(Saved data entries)
---
(* Let $\mathcal{H}=(\mathcal{T},\mathsf{SO})$ be a history and let $\mathcal{G}$ be the hyper-polygraph of $\mathcal{H}$. Then $\mathcal{H}$ satisfies Snapshot Isolation if and only if $\mathcal{H}$ satisfies $\textsc{Int}$ and there exists a directed labeled graph compatible with $\mathcal{G}$ whose induced SI graph is acyclic.
   Context: Fix sets $\mathsf{Key}$ of keys and $\mathsf{Val}$ of values. An operation is a read $\mathsf{R}(x,v)$ or write $\mathsf{W}(x,v)$ ($x\in\mathsf{Key}$, $v\in\mathsf{Val}$, each with a unique identifier). A transaction is $(O,\mathsf{po})$ with $O$ a finite non-empty set of operations and $\mathsf{po}$ a strict total order on $O$. A history $\mathcal{H}=(\mathcal{T},\mathsf{SO})$: $\mathcal{T}$ a set of transactions with disjoint operation sets, $\mathsf{SO}$ a union of strict total orders on disjoint subsets of $\mathcal{T}$; it contains a transaction $T_\bot$ writing the initial value of every key and $\mathsf{SO}$-preceding all other transactions. $T\vdash\mathsf{W}(x,v)$: $T$ writes $x$ and its $\mathsf{po}$-last write to $x$ has value $v$. $T\vdash\mathsf{R}(x,v)$: $T$ reads $x$ before any write of $T$ to $x$ and the first such read returns $v$. $\mathsf{WriteTx}_x=\{T\mid T\vdash\mathsf{W}(x,\_)\}$. $\textsc{Int}$: in every transaction, every read of $x$ that is $\mathsf{po}$-preceded by an operation on $x$ returns the value of the $\mathsf{po}$-latest such preceding operation. Dependency graph: $(\mathcal{T},\mathsf{SO},\mathsf{WR},\mathsf{WW},\mathsf{RW})$ with, for each key $x$: $\mathsf{WR}(x)\subseteq\mathcal{T}\times\mathcal{T}$ such that every $S$ with $S\vdash\mathsf{R}(x,\_)$ has exactly one $T$ with $(T,S)\in\mathsf{WR}(x)$, and $(T,S)\in\mathsf{WR}(x)$ implies $T\neq S$ and $T\vdash\mathsf{W}(x,v)$, $S\vdash\mathsf{R}(x,v)$ for some $v$; $\mathsf{WW}(x)$ a strict total order on $\mathsf{WriteTx}_x$; $(T,S)\in\mathsf{RW}(x)$ iff $T\neq S$ and there is $T'$ with $(T',T)\in\mathsf{WR}(x)$ and $(T',S)\in\mathsf{WW}(x)$. Snapshot Isolation is taken (following Cerone and Gotsman) as: $\mathcal{H}$ satisfies SI iff $\mathcal{H}\models\textsc{Int}$ and there is a dependency graph extending $\mathcal{H}$ such that $(\mathsf{SO}\cup\mathsf{WR}\cup\mathsf{WW})\,;\,\mathsf{RW}^{?}$ is acyclic, where $\mathsf{WR},\mathsf{WW},\mathsf{RW}$ denote unions over keys, $;$ is relational composition and $R^{?}$ is the reflexive closure. Hyper-polygraph of $\mathcal{H}$: $\mathcal{G}=(\mathcal{V},\mathcal{E},(\mathcal{C}^{\mathsf{WW}},\mathcal{C}^{\mathsf{WR}}))$, $\mathcal{V}=\mathcal{T}$; edges $T\xrightarrow{\mathsf{t}(x)}S$ with type $\mathsf{t}\in\{\mathsf{SO},\mathsf{WR},\mathsf{WW},\mathsf{RW}\}$ and key $x$; $\mathcal{E}$ contains $T\xrightarrow{\mathsf{SO}}S$ for $(T,S)\in\mathsf{SO}$ and $T\xrightarrow{\mathsf{WR}(x)}S$ whenever $S\vdash\mathsf{R}(x,v)$ and $T$ is the unique transaction with $T\vdash\mathsf{W}(x,v)$; $\mathcal{C}^{\mathsf{WW}}=\{\{T\xrightarrow{\mathsf{WW}(x)}S,S\xrightarrow{\mathsf{WW}(x)}T\}\mid T\neq S\in\mathsf{WriteTx}_x\}$; $\mathcal{C}^{\mathsf{WR}}=\{\{T_i\xrightarrow{\mathsf{WR}(x)}S\mid T_i\vdash\mathsf{W}(x,v)\}\mid S\vdash\mathsf{R}(x,v)\}$. A graph $(\mathcal{V}',\mathcal{E}')$ is compatible with $\mathcal{G}$ if $\mathcal{V}'=\mathcal{V}$, $\mathcal{E}'\supseteq\mathcal{E}$, for all $x$ and $T,T',S$ with $T\neq S$: $T'\xrightarrow{\mathsf{WR}(x)}T\in\mathcal{E}'$ and $T'\xrightarrow{\mathsf{WW}(x)}S\in\mathcal{E}'$ imply $T\xrightarrow{\mathsf{RW}(x)}S\in\mathcal{E}'$, and $|\mathcal{E}'\cap C|=1$ for every $C\in\mathcal{C}^{\mathsf{WW}}\cup\mathcal{C}^{\mathsf{WR}}$. For such a graph, writing $\mathcal{E}'_{\mathsf{t}}\subseteq\mathcal{V}'\times\mathcal{V}'$ for the vertex pairs joined by an edge of type $\mathsf{t}$ (ignoring keys), its induced SI graph is $(\mathcal{V}',(\mathcal{E}'_{\mathsf{SO}}\cup\mathcal{E}'_{\mathsf{WR}}\cup\mathcal{E}'_{\mathsf{WW}})\,;\,\mathcal{E}'^{?}_{\mathsf{RW}})$. Acyclic means no directed cycle (including self-loops). *)

From Stdlib Require Import List Relations.
Import ListNotations.
Set Implicit Arguments.

Section Defs.
Variables (Key Val : Type).

Inductive op_kind := OpR | OpW.
Record Op := mkOp { okind : op_kind; okey : Key; oval : Val; oid : nat }.

Variable Tx : Type.
(** A transaction T is given by the list [ops T] of its operations, listed in
    program order po (list order is the strict total order po). *)
Variable ops : Tx -> list Op.

(** T |- W(x,v): T writes x and its po-last write to x has value v. *)
Definition writes (T : Tx) (x : Key) (v : Val) : Prop :=
  exists l1 o l2, ops T = l1 ++ o :: l2 /\ okind o = OpW /\ okey o = x /\
    oval o = v /\ (forall o', In o' l2 -> ~ (okind o' = OpW /\ okey o' = x)).

(** T |- R(x,v): T reads x before any write of T to x, and the first such read
    returns v (i.e. the po-first operation of T on x is a read returning v). *)
Definition reads (T : Tx) (x : Key) (v : Val) : Prop :=
  exists l1 o l2, ops T = l1 ++ o :: l2 /\ okind o = OpR /\ okey o = x /\
    oval o = v /\ (forall o', In o' l1 -> okey o' <> x).

Definition WriteTx (x : Key) (T : Tx) : Prop := exists v, writes T x v.

(** INT: every read of x po-preceded by an operation on x returns the value of
    the po-latest such preceding operation. *)
Definition Int : Prop :=
  forall T l1 p l2 o l3, ops T = l1 ++ p :: l2 ++ o :: l3 ->
    okind o = OpR -> okey p = okey o ->
    (forall q, In q l2 -> okey q <> okey o) ->
    oval o = oval p.

Definition strict_total_order_on (D : Tx -> Prop) (R : Tx -> Tx -> Prop) : Prop :=
  (forall T S, R T S -> D T /\ D S) /\
  (forall T, ~ R T T) /\
  (forall T S U, R T S -> R S U -> R T U) /\
  (forall T S, D T -> D S -> T <> S -> R T S \/ R S T).

Definition is_history (SO : Tx -> Tx -> Prop) (Tbot : Tx) : Prop :=
  (* transactions: finite non-empty sets of operations with po *)
  (forall T, ops T <> [] /\ NoDup (ops T)) /\
  (forall T S o, T <> S -> In o (ops T) -> ~ In o (ops S)) /\
  (forall x, exists v, writes Tbot x v) /\
  (exists (I : Type) (D : I -> Tx -> Prop) (R : I -> Tx -> Tx -> Prop),
     (forall i j T, D i T -> D j T -> i = j) /\
     (forall i, ~ D i Tbot) /\
     (forall i, strict_total_order_on (D i) (R i)) /\
     (forall T S, SO T S <-> ((T = Tbot /\ S <> Tbot) \/ exists i, R i T S))).

Definition acyclic (R : Tx -> Tx -> Prop) : Prop :=
  forall T, ~ clos_trans Tx R T T.
Definition rcomp (R1 R2 : Tx -> Tx -> Prop) : Tx -> Tx -> Prop :=
  fun T S => exists U, R1 T U /\ R2 U S.
Definition refl_clos (R : Tx -> Tx -> Prop) : Tx -> Tx -> Prop :=
  fun T S => T = S \/ R T S.
Definition runion (R1 R2 : Tx -> Tx -> Prop) : Tx -> Tx -> Prop :=
  fun T S => R1 T S \/ R2 T S.

Definition RW_of (WR WW : Key -> Tx -> Tx -> Prop) (x : Key) : Tx -> Tx -> Prop :=
  fun T S => T <> S /\ exists T', WR x T' T /\ WW x T' S.

Definition is_dep_graph (WR WW : Key -> Tx -> Tx -> Prop) : Prop :=
  (forall x S, (exists v, reads S x v) ->
     exists T, WR x T S /\ forall T', WR x T' S -> T' = T) /\
  (forall x T S, WR x T S -> T <> S /\ exists v, writes T x v /\ reads S x v) /\
  (forall x, strict_total_order_on (WriteTx x) (WW x)).

Definition union_keys (R : Key -> Tx -> Tx -> Prop) : Tx -> Tx -> Prop :=
  fun T S => exists x, R x T S.

Definition satisfies_SI (SO : Tx -> Tx -> Prop) : Prop :=
  Int /\
  exists WR WW, is_dep_graph WR WW /\
    acyclic (rcomp (runion SO (runion (union_keys WR) (union_keys WW)))
                   (refl_clos (union_keys (RW_of WR WW)))).

Inductive label := LSO | LWR (x : Key) | LWW (x : Key) | LRW (x : Key).
Inductive etype := TSO | TWR | TWW | TRW.
Definition ltype (l : label) : etype :=
  match l with LSO => TSO | LWR _ => TWR | LWW _ => TWW | LRW _ => TRW end.
Definition edge : Type := (Tx * label * Tx)%type.

(** Hyper-polygraph (V, E, (C^WW, C^WR)); the vertex set V is all of Tx. *)
Record hyper_polygraph := {
  hp_E : edge -> Prop;
  hp_CWW : (edge -> Prop) -> Prop;
  hp_CWR : (edge -> Prop) -> Prop }.

Definition hyper_polygraph_of (SO : Tx -> Tx -> Prop) : hyper_polygraph := {|
  hp_E := fun e =>
    (exists T S, e = (T, LSO, S) /\ SO T S) \/
    (exists x T S v, e = (T, LWR x, S) /\ reads S x v /\ writes T x v /\
       (forall T', writes T' x v -> T' = T));
  hp_CWW := fun C => exists x T S, T <> S /\ WriteTx x T /\ WriteTx x S /\
    (forall e, C e <-> (e = (T, LWW x, S) \/ e = (S, LWW x, T)));
  hp_CWR := fun C => exists x S v, reads S x v /\
    (forall e, C e <-> exists Ti, writes Ti x v /\ e = (Ti, LWR x, S)) |}.

(** A labeled graph (V', E') with V' = Tx, given by its edge set E',
    compatible with G. *)
Definition compatible (G : hyper_polygraph) (E' : edge -> Prop) : Prop :=
  (forall e, hp_E G e -> E' e) /\
  (forall x T T' S, T <> S -> E' (T', LWR x, T) -> E' (T', LWW x, S) ->
     E' (T, LRW x, S)) /\
  (forall C, hp_CWW G C \/ hp_CWR G C ->
     exists e, (E' e /\ C e) /\ forall e', E' e' /\ C e' -> e' = e).

Definition edges_of_type (E' : edge -> Prop) (t : etype) : Tx -> Tx -> Prop :=
  fun T S => exists l, ltype l = t /\ E' (T, l, S).

Definition induced_SI (E' : edge -> Prop) : Tx -> Tx -> Prop :=
  rcomp (runion (edges_of_type E' TSO)
           (runion (edges_of_type E' TWR) (edges_of_type E' TWW)))
        (refl_clos (edges_of_type E' TRW)).

End Defs.

(* A dependency graph (WR, WW) and a graph compatible with the hyper-polygraph
   carry the same information.  From (WR, WW) one takes the edges SO, WR(x),
   WW(x) and the derived RW(x); conversely WR and WW are read off the WR- and
   WW-labelled edges.  Picking exactly one edge of each WR hyperedge says that
   every read has exactly one writer, and picking exactly one edge of each WW
   pair says that WW(x) is total on the writers of x.  WW(x) is moreover
   irreflexive and transitive because every non-RW edge is itself an edge of
   the induced SI graph (RW^? is reflexive), so a WW self-loop or a WW
   triangle would be an SI cycle.  In both directions the SI relation of the
   dependency graph and the induced SI graph are contained in each other, so
   acyclicity transfers. *)
From Stdlib Require Import List Relations Classical.

Lemma first_occurrence_unique {A K : Type} (k : A -> K) (x : K)
  {l1 m1 l2 m2 : list A} {o p : A} :
  l1 ++ o :: l2 = m1 ++ p :: m2 -> k o = x -> k p = x ->
  (forall q, In q l1 -> k q <> x) -> (forall q, In q m1 -> k q <> x) -> o = p.
Proof.
  revert m1; induction l1 as [|a l1 IH]; intros [|b m1] E ho hp h1 h2;
    simpl in E; injection E as E1 E2; auto.
  - exfalso; apply (h2 b); simpl; auto; congruence.
  - exfalso; apply (h1 a); simpl; auto; congruence.
  - eapply IH; eauto; intros q hq; [apply h1|apply h2]; simpl; auto.
Qed.

Lemma acyclic_incl (Tx : Type) (R R' : Tx -> Tx -> Prop) :
  inclusion Tx R R' -> acyclic R' -> acyclic R.
Proof.
  intros HRR' Hac T Hcyc; apply (Hac T).
  assert (Hlift : inclusion Tx (clos_trans Tx R) (clos_trans Tx R')).
  { intros a b Hab; induction Hab; [apply t_step, HRR'|eapply t_trans]; eauto. }
  exact (Hlift T T Hcyc).
Qed.

Lemma strict_total_order_asym (Tx : Type) (D : Tx -> Prop) R T S :
  strict_total_order_on D R -> R T S -> ~ R S T.
Proof. intros (_ & irr & tr & _) hTS hST; apply (irr T); eauto. Qed.

Section SnapshotIsolation.
Variables (Key Val Tx : Type) (ops : Tx -> list (Op Key Val)).
Variable SO : Tx -> Tx -> Prop.

Lemma reads_functional {S x v v'} :
  reads ops S x v -> reads ops S x v' -> v = v'.
Proof.
  intros (l1 & o & l2 & E1 & _ & ho & <- & h1) (m1 & p & m2 & E2 & _ & hp & <- & h2).
  rewrite E1 in E2.
  now rewrite (first_occurrence_unique (@okey Key Val) x E2 ho hp h1 h2).
Qed.

Definition SI_rel (WR WW : Key -> Tx -> Tx -> Prop) : Tx -> Tx -> Prop :=
  rcomp (runion SO (runion (union_keys WR) (union_keys WW)))
        (refl_clos (union_keys (RW_of WR WW))).

Lemma induced_SI_edge (E' : edge Key Tx -> Prop) T l S :
  E' (T, l, S) -> ltype l <> TRW -> induced_SI E' T S.
Proof.
  intros HE Hl; exists S; split; [|left; reflexivity].
  destruct l; simpl in Hl; [left|right; left|right; right|congruence];
    (eexists; split; [|exact HE]; reflexivity).
Qed.

Definition graph_of_dep (WR WW : Key -> Tx -> Tx -> Prop) (e : edge Key Tx) : Prop :=
  match e with
  | (src, LSO _, dst) => SO src dst
  | (src, LWR x, dst) => WR x src dst
  | (src, LWW x, dst) => WW x src dst
  | (src, LRW x, dst) => RW_of WR WW x src dst
  end.

Lemma dep_graph_WR_writes {WR WW x T S v} :
  is_dep_graph ops WR WW -> reads ops S x v -> WR x T S -> writes ops T x v.
Proof.
  intros (_ & HWR & _) Hr HT.
  destruct (HWR _ _ _ HT) as (_ & v' & Hw & Hr').
  now rewrite (reads_functional Hr Hr').
Qed.
(* Assume no two of $\bm u_1,\dots,\bm u_m$ are parallel (i.e. the linear arrangement $\{\langle\bm u_i,\bm x\rangle=0\}$ has no repeated hyperplane). Then for $\bm a,\bm b\in\mathbb{R}^m$, the parallel translations $\mathcal{A}_{\bm a}$ and $\mathcal{A}_{\bm b}$ are normally equivalent if and only if $\operatorname{sign}(\mathcal{A}_{\bm a})=\operatorname{sign}(\mathcal{A}_{\bm b})$.
   Context: Fix nonzero $\bm u_1,\dots,\bm u_m\in\mathbb{R}^n$. For $\bm a\in\mathbb{R}^m$, $\mathcal{A}_{\bm a}$ is the indexed arrangement of hyperplanes $\langle\bm u_i,\bm x\rangle=a_i$, $i=1,\dots,m$. The sign vector of $\bm x$ is $(\operatorname{sign}(\langle\bm u_i,\bm x\rangle-a_i))_{i}$, and $\operatorname{sign}(\mathcal{A}_{\bm a})$ is the set of all such sign vectors. Faces: closures of the nonempty sets of points with a common sign vector; $\mathcal{F}(\mathcal{A})$ ordered by inclusion. For a nonempty convex polyhedron $P$: $h_P(\bm u)=\sup_{\bm x\in P}\langle\bm u,\bm x\rangle$, $N_P(\bm x)=\{\bm u:\langle\bm u,\bm x\rangle=h_P(\bm u)\}$, $N_P(G)=N_P(\bm x)$ for $\bm x\in\operatorname{relint}(G)$, $\mathcal{N}(P)$ the set of all $N_P(G)$; $P,Q$ normally equivalent iff $\mathcal{N}(P)=\mathcal{N}(Q)$. Arrangements $\mathcal{A},\mathcal{A}'$ in $\mathbb{R}^n$ are normally equivalent if there is an order-preserving bijection $\Psi:\mathcal{F}(\mathcal{A})\to\mathcal{F}(\mathcal{A}')$ with $F,\Psi(F)$ normally equivalent for all faces $F$. *)

From HB Require Import structures.
From mathcomp Require Import all_boot all_order all_algebra.
From mathcomp Require Import all_classical all_reals.
From mathcomp Require Import all_analysis.
Set Implicit Arguments. Unset Strict Implicit. Unset Printing Implicit Defensive.
Import Order.TTheory GRing.Theory Num.Theory.
Import numFieldNormedType.Exports.
Local Open Scope classical_set_scope.
Local Open Scope ring_scope.

Section Defs.
Variables (R : realType) (n : nat).
Local Notation V := 'rV[R]_n.

Definition dot (u x : V) : R := \sum_(i < n) u ord0 i * x ord0 i.

Definition supp_fun (P : set V) (u : V) : \bar R :=
  ereal_sup [set (dot u x)%:E | x in P].

Definition normal_cone (P : set V) (x : V) : set V :=
  [set u | (dot u x)%:E = supp_fun P u].

(* nonempty faces of P: intersections of P with a supporting hyperplane
   where the supremum is attained (u = 0 gives P itself) *)
Definition poly_face (P G : set V) : Prop :=
  G !=set0 /\ exists u : V, G = P `&` [set x | (dot u x)%:E = supp_fun P u].

Definition aff_hull (G : set V) : set V :=
  [set x | exists (k : nat) (p : 'I_k -> V) (c : 'I_k -> R),
      (forall i, G (p i)) /\ \sum_(i < k) c i = 1 /\
      x = \sum_(i < k) c i *: p i].

Definition relint (G : set V) : set V :=
  [set x | G x /\ exists e : R, 0 < e /\ (ball x e `&` aff_hull G) `<=` G].

Definition normal_cone_face (P G : set V) (N : set V) : Prop :=
  exists x, relint G x /\ N = normal_cone P x.

Definition normal_fan (P : set V) : set (set V) :=
  [set N | exists G, poly_face P G /\ normal_cone_face P G N].

Definition poly_normally_equiv (P Q : set V) : Prop :=
  normal_fan P = normal_fan Q.

Variable m : nat.

Definition signvec (u : 'I_m -> V) (a : 'I_m -> R) (x : V) : 'rV[R]_m :=
  \row_(i < m) Num.sg (dot (u i) x - a i).

Definition arr_sign (u : 'I_m -> V) (a : 'I_m -> R) : set 'rV[R]_m :=
  range (signvec u a).

Definition arr_faces (u : 'I_m -> V) (a : 'I_m -> R) : set (set V) :=
  [set F | exists s, (exists x, signvec u a x = s) /\
                     F = closure [set x | signvec u a x = s]].
Definition continuous_at_vec {r : nat} (g : vec r -> R) (x : vec r) : Prop :=
  forall eps, 0 < eps -> exists del, 0 < del /\
    forall y : vec r, (forall i, Rabs (y i - x i) < del) -> Rabs (g y - g x) < eps.

(* D is the family of partial derivatives (D a = d^a f) of a smooth f on U:
   D 0 = f on U, every D a is continuous on U, and
   D (a + e_i) is the i-th partial derivative of D a on U. *)
Definition deriv_family {r : nat} (U : vec r -> Prop) (f : vec r -> R)
    (D : multi_index r -> vec r -> R) : Prop :=
  (forall x, U x -> D (fun _ => 0%nat) x = f x) /\
  (forall a x, U x -> continuous_at_vec (D a) x) /\
  (forall a i x, U x ->
      derivable_pt_lim (fun t => D a (shift x i t)) 0 (D (mi_incr a i) x)).

Definition smooth {r : nat} (U : vec r -> Prop) (f : vec r -> R) : Prop :=
  exists D, deriv_family U f D.

Definition seminorm_finite {r : nat} (M : nat -> R) (D : multi_index r -> vec r -> R)
    (K : vec r -> Prop) (h : R) : Prop :=
  exists C, forall (a : multi_index r) x, K x ->
    Rabs (D a x) / (h ^ (mi_abs a) * M (mi_abs a)) <= C.

Definition E_beurling {r : nat} (L : nat -> R) (U : vec r -> Prop) (f : vec r -> R) : Prop :=
  exists D, deriv_family U f D /\
    forall K, compact_vec K -> (forall x, K x -> U x) ->
      forall h, 0 < h -> seminorm_finite L D K h.

Definition E_roumieu_matrix {r : nat} (MM : R -> nat -> R) (U : vec r -> Prop)
    (f : vec r -> R) : Prop :=
  exists D, deriv_family U f D /\
    forall K, compact_vec K -> (forall x, K x -> U x) ->
      exists lam h, 0 < lam /\ 0 < h /\ seminorm_finite (MM lam) D K h.

From Stdlib Require Import Reals Lra Lia ClassicalEpsilon.
From mathcomp Require Import all_boot zify.
Open Scope R_scope.

(* Replacing M^(j+1) by B_j(k) := (j+1)^k M^(j+1)_k preserves quasianalytic
   weight sequences, so it suffices to find a quasianalytic weight sequence L
   with L_k >= B_j(k) for large k, for every j.  Then
   (M^(lam)_k / L_k)^(1/k) <= 1/(j+1) eventually, i.e. M^(lam) <| L, and the
   seminorms of L with any h > 0 are controlled by those of M^(lam) with a fixed
   h0, because (h0/h)^k M^(lam)_k / L_k is bounded.

   L is given by its quotients rho_k = L_(k+1) / L_k, chosen >= 1 and
   nondecreasing (which is log-convexity).  The indices are cut into
   consecutive blocks and on block j we take
   rho_k = max (Lambda_j, B_j(k+1) / B_j(k)).  As B_j is quasianalytic, block j
   can be made so long that the sum of 1/rho_k over it is at least 1; hence
   sum 1/rho_k diverges and L is quasianalytic.  Inside block j the bound
   rho_k >= B_j(k+1) / B_j(k) propagates L_k >= B_j(k), which the constant
   Lambda_j enforces at the first index of the block. *)


Definition quot (M : nat -> R) (k : nat) : R := M k.+1 / M k.

Lemma weight_seq_pos {M} : weight_sequence M -> forall p, 0 < M p.
Proof. by case. Qed.

Section WeightSequence.
Context {M : nat -> R} (HM : weight_sequence M).

Let M_pos := weight_seq_pos HM.

Lemma quot_mul k : M k * quot M k = M k.+1.
Proof. by rewrite /quot; field; have := M_pos k; lra. Qed.

Lemma quot_nondecr k : quot M k <= quot M k.+1.
Proof.
have [_ [_ [_ [log_convex _]]]] := HM.
have := log_convex k.+1 (ltn0Sn k); rewrite subSS subn0 addn1 => Hk.
have := M_pos k; have := M_pos k.+1; have := M_pos k.+2 => *.
apply: (Rmult_le_reg_r (M k * M k.+1)); first nra.
rewrite /quot; replace (M k.+1 / M k * (M k * M k.+1)) with (M k.+1 ^ 2) by (field; lra).
by replace (M k.+2 / M k.+1 * (M k * M k.+1)) with (M k * M k.+2) by (field; lra).
Qed.

Lemma quot_ge1 k : 1 <= quot M k.
Proof.
elim: k => [|k IH]; last by have := quot_nondecr k; lra.
have [_ [M0 [M01 _]]] := HM.
by rewrite /quot M0 Rdiv_1_r; lra.
Qed.

Lemma weight_seq_ge1 k : 1 <= M k.
Proof.
elim: k => [|k IH]; first by have [_ [M0 _]] := HM; lra.
by rewrite -quot_mul; have := quot_ge1 k; nra.
Qed.

Lemma weight_seq_nondecr k l : (k <= l)%N -> M k <= M l.
Proof.
apply: (homo_leq Rle_refl (fun y x z => Rle_trans x y z)) => i.
by rewrite -quot_mul; have := quot_ge1 i; have := M_pos i; nra.
Qed.

Lemma quot_le k : quot M k <= M k.+1.
Proof. by rewrite -quot_mul; have := quot_ge1 k; have := weight_seq_ge1 k; nra. Qed.

End WeightSequence.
---
### Work instructions
Take exactly the lines from the one containing "the induced SI graph (RW^?" through the one containing "intros HE Hl;" in the data above, and output them with nothing added.

### Answer to the exercise
   the induced SI graph (RW^? is reflexive), so a WW self-loop or a WW
   triangle would be an SI cycle.  In both directions the SI relation of the
   dependency graph and the induced SI graph are contained in each other, so
   acyclicity transfers. *)
From Stdlib Require Import List Relations Classical.

Lemma first_occurrence_unique {A K : Type} (k : A -> K) (x : K)
  {l1 m1 l2 m2 : list A} {o p : A} :
  l1 ++ o :: l2 = m1 ++ p :: m2 -> k o = x -> k p = x ->
  (forall q, In q l1 -> k q <> x) -> (forall q, In q m1 -> k q <> x) -> o = p.
Proof.
  revert m1; induction l1 as [|a l1 IH]; intros [|b m1] E ho hp h1 h2;
    simpl in E; injection E as E1 E2; auto.
  - exfalso; apply (h2 b); simpl; auto; congruence.
  - exfalso; apply (h1 a); simpl; auto; congruence.
  - eapply IH; eauto; intros q hq; [apply h1|apply h2]; simpl; auto.
Qed.

Lemma acyclic_incl (Tx : Type) (R R' : Tx -> Tx -> Prop) :
  inclusion Tx R R' -> acyclic R' -> acyclic R.
Proof.
  intros HRR' Hac T Hcyc; apply (Hac T).
  assert (Hlift : inclusion Tx (clos_trans Tx R) (clos_trans Tx R')).
  { intros a b Hab; induction Hab; [apply t_step, HRR'|eapply t_trans]; eauto. }
  exact (Hlift T T Hcyc).
Qed.

Lemma strict_total_order_asym (Tx : Type) (D : Tx -> Prop) R T S :
  strict_total_order_on D R -> R T S -> ~ R S T.
Proof. intros (_ & irr & tr & _) hTS hST; apply (irr T); eauto. Qed.

Section SnapshotIsolation.
Variables (Key Val Tx : Type) (ops : Tx -> list (Op Key Val)).
Variable SO : Tx -> Tx -> Prop.

Lemma reads_functional {S x v v'} :
  reads ops S x v -> reads ops S x v' -> v = v'.
Proof.
  intros (l1 & o & l2 & E1 & _ & ho & <- & h1) (m1 & p & m2 & E2 & _ & hp & <- & h2).
  rewrite E1 in E2.
  now rewrite (first_occurrence_unique (@okey Key Val) x E2 ho hp h1 h2).
Qed.

Definition SI_rel (WR WW : Key -> Tx -> Tx -> Prop) : Tx -> Tx -> Prop :=
  rcomp (runion SO (runion (union_keys WR) (union_keys WW)))
        (refl_clos (union_keys (RW_of WR WW))).

Lemma induced_SI_edge (E' : edge Key Tx -> Prop) T l S :
  E' (T, l, S) -> ltype l <> TRW -> induced_SI E' T S.
Proof.
  intros HE Hl; exists S; split; [|left; reflexivity].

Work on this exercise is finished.